Todos los metales existentes reaccionaban al maná.

Incluso los materiales inertes temblaban, resonaban o emitían leves vibraciones cuando el maná pasaba a través de ellos.

Algunos metales zumbaban.

Algunos brillaban.

Algunos se expandían o contraían microscópicamente.

Algunos incluso cantaban suavemente, notas que solo escuchaban los herreros experimentados.

Era la ley de la metalurgia en un mundo donde el maná fluía por todas partes.

Pero este metal…

No mostraba reacción alguna.

Sin zumbido.

Sin vibración.

Sin destello.

Sin canción.

Era como forzar maná hacia un vacío que lo devoraba todo sin el más mínimo estremecimiento.

Al sentirlo, los ojos de Argo se abrieron con incredulidad.

—Por los cielos… —susurró, su voz quebrándose en los bordes—. Un elemento tan único. Rechaza todo maná externo por completo. No resuena. No tiembla. Ni siquiera reconoce que el maná existe.

—Parece metálico… pero no es exactamente un metal. Tiene un peso mucho más pesado que el plomo, pero aún así no es radioactivo. Es frío al tacto… pero no absorbe calor. Debería ser imposible… pero aquí está —dijo en estado de shock, mientras pasaba el pulgar por su superficie lisa.

Argo sacudió lentamente la cabeza, asombro y temor mezclándose en igual medida.

—Mi Señor… ¿de qué está realmente hecha esta cosa? —preguntó con curiosidad, mientras Soron cruzaba los brazos, su expresión solemne.

—Se llama «Metal de Origen». Es el remanente de un tiempo anterior a la creación del universo tal como lo conocemos. Así que, en cierto modo, precede incluso al maná —dijo, y Argo sintió que se le cortaba la respiración.

—Con razón… el maná no le hace nada. Existió antes de que el maná existiera —dijo con incredulidad, mientras Soron asentía en reconocimiento.

—Por eso te necesito a ti, Maestro Supremo, para darle forma de arma formidable que se adapte a mi estilo de lucha —extendió la mano, tocando la superficie del bloque.
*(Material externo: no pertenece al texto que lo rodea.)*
Lemma card_interval2 x t : x \subset t -> #|t| = #|x|.+2 ->
  #|[set u : {set V} | [&& x \subset u, u \subset t & #|u| == #|x|.+1]]| = 2.
Proof.
move=> xt ct.
have -> : [set u : {set V} | [&& x \subset u, u \subset t & #|u| == #|x|.+1]]
    = (fun v => v |: x) @: (t :\: x).
  apply/setP => u; rewrite inE; apply/and3P/imsetP.
  - case=> xu ut /eqP cu.
    have : x \proper u by rewrite properEcard xu cu ltnSn.
    case/properP => _ [v vu vx]; exists v; first by rewrite inE vx (subsetP ut).
    by apply/eqP; rewrite eq_sym eqEcard subUset sub1set vu xu /= cardsU1 vx cu.
  - case=> v; rewrite inE => /andP[vx vt] ->.
    by rewrite subsetUr subUset sub1set vt xt cardsU1 vx.
rewrite card_in_imset; first by rewrite cardsD (setIidPr xt); lia.
move=> v w; rewrite !inE => /andP[vx _] /andP[wx _] e.
by have := setU11 v x; rewrite e in_setU1 (negbTE vx) orbF => /eqP.
Qed.

(* Each coefficient counts the simplices strictly between two simplices of
   codimension two, and there are exactly two of them. *)
Lemma bd_bd1 t : t \in K -> bd K (bd1 K t) = set0.
Proof.
move=> tK; apply/setP => x; rewrite !inE.
set P := [set s in bd1 K t | x \in bd1 K s].
have [->|[s0]] := set_0Vmem P; first by rewrite cards0.
rewrite !inE => /andP[/and3P[_ s0t /eqP cs0] /and3P[xK xs0 /eqP cx]].
have x_gt0 := complex_card_gt0 xK.
have -> : P = [set u : {set V} | [&& x \subset u, u \subset t & #|u| == #|x|.+1]].
  apply/setP => u; rewrite !inE; apply/idP/idP.
  - by case/andP => /and3P[_ ut /eqP cu] /and3P[_ xu /eqP cxu];
      rewrite xu ut /=; apply/eqP; lia.
  - case/and3P => xu ut /eqP cu.
    rewrite (complex_face tK ut) ?cu // ut xK xu /=; apply/andP; split; apply/eqP; lia.
by rewrite card_interval2 //; [exact: subset_trans xs0 s0t | lia].
Qed.
Lemma forest_setU1 F a b :
  forest F -> a != b -> ~~ connect (edge_rel F) a b ->
  forest (F :|: [set [set a; b]]).
Proof.
move=> fF ab nab c d cd; set C := connect (edge_rel F) in nab.
have Csym : connect_sym (edge_rel F) by apply: connect_edge_sym.
rewrite in_setU in_set1.
case: (eqVneq [set c; d] [set a; b]) => [cd_ab _ | cd_ab /[!orbF] cdF].
  have sub : (F :|: [set [set a; b]]) :\ [set c; d] \subset F.
    by apply/subsetP => e; rewrite !inE cd_ab; case: (e == _); rewrite //= orbF.
  have /set2P cab : c \in [set a; b] by rewrite -cd_ab set21.
  have /set2P dab : d \in [set a; b] by rewrite -cd_ab set22.
  apply: contra nab => /(connect_edge_subset sub).
  by case: cab dab cd => -> [] ->; rewrite ?eqxx // Csym.
set C' := connect (edge_rel (F :\ [set c; d])).
have sub : (F :|: [set [set a; b]]) :\ [set c; d] \subset
           (F :\ [set c; d]) :|: [set [set a; b]].
  by apply/subsetP => e; rewrite !inE; case: (e == [set a; b]); rewrite ?orbT ?orbF.
have nCcd : ~~ C' c d := fF c d cd cdF.
have CF : subrel C' C by apply: connect_edge_subset; apply: subsetDl.
have CFs x y : C' x y -> C y x by move/CF; rewrite /C Csym.
have Ccd : C c d by apply: connect1.
apply/negP => /(connect_edge_subset sub) /connect_setU1_edge.
case=> [Ccd' | [[ca | cb] [ad | bd]]].
- exact: negP nCcd Ccd'.
- by case/negP: nCcd; apply: connect_trans ca ad.
- case/negP: nab.
  exact: connect_trans (CFs _ _ ca) (connect_trans Ccd (CFs _ _ bd)).
- case/negP: nab; apply: connect_trans (CF _ _ ad) (connect_trans _ (CF _ _ cb)).
  by rewrite /C Csym.
- by case/negP: nCcd; apply: connect_trans cb bd.
Qed.

Lemma forest_nbr_disconnected H v u1 u2 :
  forest H -> u1 \in nbr H v -> u2 \in nbr H v -> u1 != u2 ->
  ~~ connect (avoid_rel H v) u1 u2.
Proof.
move=> fH; rewrite !inE => /andP[u1v e1] /andP[u2v e2] u12.
apply: contra (fH v u1 _ e1) => [C|]; last by rewrite eq_sym.
have u2_notin : u2 \notin [set v; u1] by rewrite !inE negb_or u2v eq_sym u12.
have e2' : [set v; u2] \in H :\ [set v; u1].
  by rewrite in_setD1 e2 andbT; apply: contraNneq u2_notin => <-; rewrite set22.
apply: connect_trans (connect1 e2') _; rewrite connect_edge_sym.
apply: connect_sub C => x y /andP[xyH vxy]; apply: connect1.
by rewrite /edge_rel in_setD1 xyH andbT; apply: contra vxy => /eqP ->; rewrite set21.
Qed.

Lemma connect_avoid_swap H v q x y :
  ~~ connect (avoid_rel H v) x q ->
  connect (avoid_rel H v) x y -> connect (avoid_rel H q) x y.
Proof.
move=> xq Cxy; suff: connect (avoid_rel H v) x y /\ connect (avoid_rel H q) x y by case.
move: y Cxy; apply: connect_ind => [|a b [Ca Ca'] ab]; first by split.
have Cb := connect_trans Ca (connect1 ab); split=> //.
apply: (connect_trans Ca'); apply: connect1; case/andP: ab => abH _.
rewrite /avoid_rel abH /=.
by apply/set2P => -[] eq; move: xq; rewrite eq ?Ca ?Cb.
Qed.

Lemma connect_setU_away F E A x y :
  (forall a b, [set a; b] \in E -> a \in A) ->
  (forall z, connect (edge_rel F) x z -> z \notin A) ->
  connect (edge_rel (F :|: E)) x y -> connect (edge_rel F) x y.
Proof.
move=> EA xA; move: y; apply: connect_ind => // z w xz.
rewrite /edge_rel in_setU => /orP[zw | /EA zA]; last by move: (xA _ xz); rewrite zA.
exact: connect_trans xz (connect1 zw).
Qed.

Definition tree_edge (d : T) (s : seq T) (i : nat) : {set T} :=
  [set nth d s i; nth d s i.-1./2].

Definition tree_prefix (d : T) (s : seq T) (k : nat) : {set {set T}} :=
  [set tree_edge d s i | i : 'I_(size s) & 0 < i <= k].

Lemma tree_edges_prefix d s : tree_edges d s = tree_prefix d s (size s).
Proof.
apply/setP => e; apply/imsetP/imsetP => -[i]; rewrite !inE => i0 ->; exists i => //.
  by rewrite inE i0 ltnW.
by case/andP: i0.
Qed.

Lemma mem_take_nth d s n j :
  uniq s -> j < size s -> (nth d s j \in take n s) = (j < n).
Proof. by move=> us js; rewrite in_take ?mem_nth // index_uniq. Qed.

Lemma tree_prefix_mem d s k a b :
  uniq s -> [set a; b] \in tree_prefix d s k -> a \in take k.+1 s.
Proof.
move=> us /imsetP[i]; rewrite inE => /andP[i0 ik] eab; have lt_is := ltn_ord i.
have /set2P[->|->] : a \in tree_edge d s i by rewrite -eab set21.
  by rewrite mem_take_nth // ltnS.
rewrite mem_take_nth; lia.
Qed.

Lemma tree_prefixS d s k :
  tree_prefix d s k.+1 \subset tree_prefix d s k :|: [set tree_edge d s k.+1].
Proof.
apply/subsetP => e /imsetP[i]; rewrite inE => /andP[i0 +] ->; rewrite in_setU in_set1.
rewrite leq_eqVlt => /orP[/eqP -> | ik]; first by rewrite eqxx orbT.
by apply/orP; left; apply/imsetP; exists i; rewrite // inE i0.
Qed.

Lemma tree_prefix_over d s k :
  size s <= k.+1 -> tree_prefix d s k.+1 \subset tree_prefix d s k.
Proof.
move=> sk; apply/subsetP => e /imsetP[i]; rewrite inE => /andP[i0 _] ->.
apply/imsetP; exists i => //.
by rewrite inE i0 -ltnS (leq_trans (ltn_ord i)).
Qed.

Lemma forest_setU_tree_edges F d s :
  forest F -> uniq s -> {in s &, forall x y, x != y -> ~~ connect (edge_rel F) x y} ->
  forest (F :|: tree_edges d s).
Proof.
move=> fF us disc; rewrite tree_edges_prefix; elim: (size s) => [|k IH].
  apply: forest_subset fF; apply/subsetP => e; rewrite in_setU.
  by case/orP => // /imsetP[i]; rewrite inE; lia.
case: (ltnP k.+1 (size s)) => [ks | sk]; last first.
  by apply: forest_subset IH; apply: setUS; apply: tree_prefix_over.
apply: forest_subset (setUS F (tree_prefixS d s k)) _; rewrite setUA /tree_edge /=.
set x := nth d s k.+1; set p := nth d s k./2.
have ps : k./2 < size s by lia.
have px : x != p by rewrite nth_uniq //; lia.
apply: forest_setU1 IH (px) _.
apply: contra (disc x p (mem_nth d ks) (mem_nth d ps) px).
apply: (connect_setU_away (A := [set y in take k.+1 s])) => [a b | z xz].
  by rewrite inE; apply: tree_prefix_mem.
rewrite inE; apply: contraTN xz => zk; have zs := mem_take zk.
apply: disc => //; first exact: mem_nth.
by apply: contraTneq zk => <-; rewrite mem_take_nth // ltnn.
Qed.

Lemma leq_sum_subset (w : T -> nat) A B :
  A \subset B -> \sum_(z in A) w z <= \sum_(z in B) w z.
Proof.
by move=> sAB; rewrite [X in _ <= X](big_setID A) /= (setIidPr sAB) leq_addr.
Qed.

Lemma leq_sum_disjoint (I : finType) (P : pred I) (C : I -> {set T}) B (w : T -> nat) :
  (forall i j, P i -> P j -> i != j -> [disjoint C i & C j]) ->
  (forall i, P i -> C i \subset B) ->
  \sum_(i | P i) \sum_(z in C i) w z <= \sum_(z in B) w z.
Proof.
move=> disC sCB; pose C' i := if P i then C i else set0.
have disC' i j : i != j -> [disjoint C' i & C' j].
  rewrite /C'; case: ifP => Pi; case: ifP => Pj ij;
    rewrite -?setI_eq0 ?set0I ?setI0 //.
  by rewrite setI_eq0; apply: disC.
rewrite big_mkcond /=.
have -> : \sum_i (if P i then \sum_(z in C i) w z else 0) = \sum_i \sum_(z in C' i) w z.
  by apply: eq_bigr => i _; rewrite /C'; case: ifP; rewrite ?big_set0.
rewrite -partition_disjoint_bigcup //; apply: leq_sum_subset.
by apply/bigcupsP => i _; rewrite /C'; case: ifP => [/sCB // | _]; apply: sub0set.
Qed.

End Forests.

Section Healing.
Variables (R : realType) (T : finType) (g : rel T) (id0 : T -> R).
Implicit Types st : state R T.

Definition dash_inv st :=
  forest (hedges st) /\
  forall a b, connect (edge_rel (hedges st)) a b -> cid st a = cid st b.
—Algo como esto… —dijo mientras sostenía un pergamino y lo desenrollaba sobre la mesa más cercana—. Dos hojas de doble filo. Ambas ligeramente curvadas. Treinta y tres centímetros de longitud de hoja. Once centímetros para el mango, con el punto de equilibrio centrado exactamente a un tercio desde la empuñadura.

Argo se inclinó, entrecerrando los ojos con intensa concentración.

—Necesito que el peso se concentre hacia la sección media de la hoja —continuó Soron—. No en el filo, no en la empuñadura, sino en el centro. Lo suficiente para permitir cambios rápidos de dirección mientras asegura que cada golpe lleve una fuerza aplastante.

Argo asintió lentamente, absorbiendo cada detalle mientras Soron señalaba el boceto de la sección transversal.

—También necesito que la espina dorsal esté ahuecada exactamente un milímetro, y los bordes comprimidos hasta que tengan el grosor de un átomo. No afilados, comprimidos. El Metal de Origen no se puede moler, así que debes doblar los bordes para darles forma —instruyó mientras Argo tragaba con dificultad.

—Eso será… absurdamente difícil, Mi Señor —admitió, mientras Soron le ofrecía una sonrisa leve y cansada.

—Por eso te pedí a ti, Maestro Argo. Sé que es difícil, pero es lo que necesito —dijo, mientras el silencio se instalaba entre ellos.

«Este es… el proyecto de toda una vida», pensó Argo, mientras sus dedos rastreaban el potencial oculto dentro del Metal de Origen, y su mente repasaba técnicas, temperaturas, posibilidades de encantamiento y otros detalles necesarios para procesarlo.

«Este metal probablemente no obedecerá las reglas convencionales…», se dio cuenta incluso antes de comenzar el proceso de forja, mientras comprendía que esto iba a ser un desafío absurdamente difícil.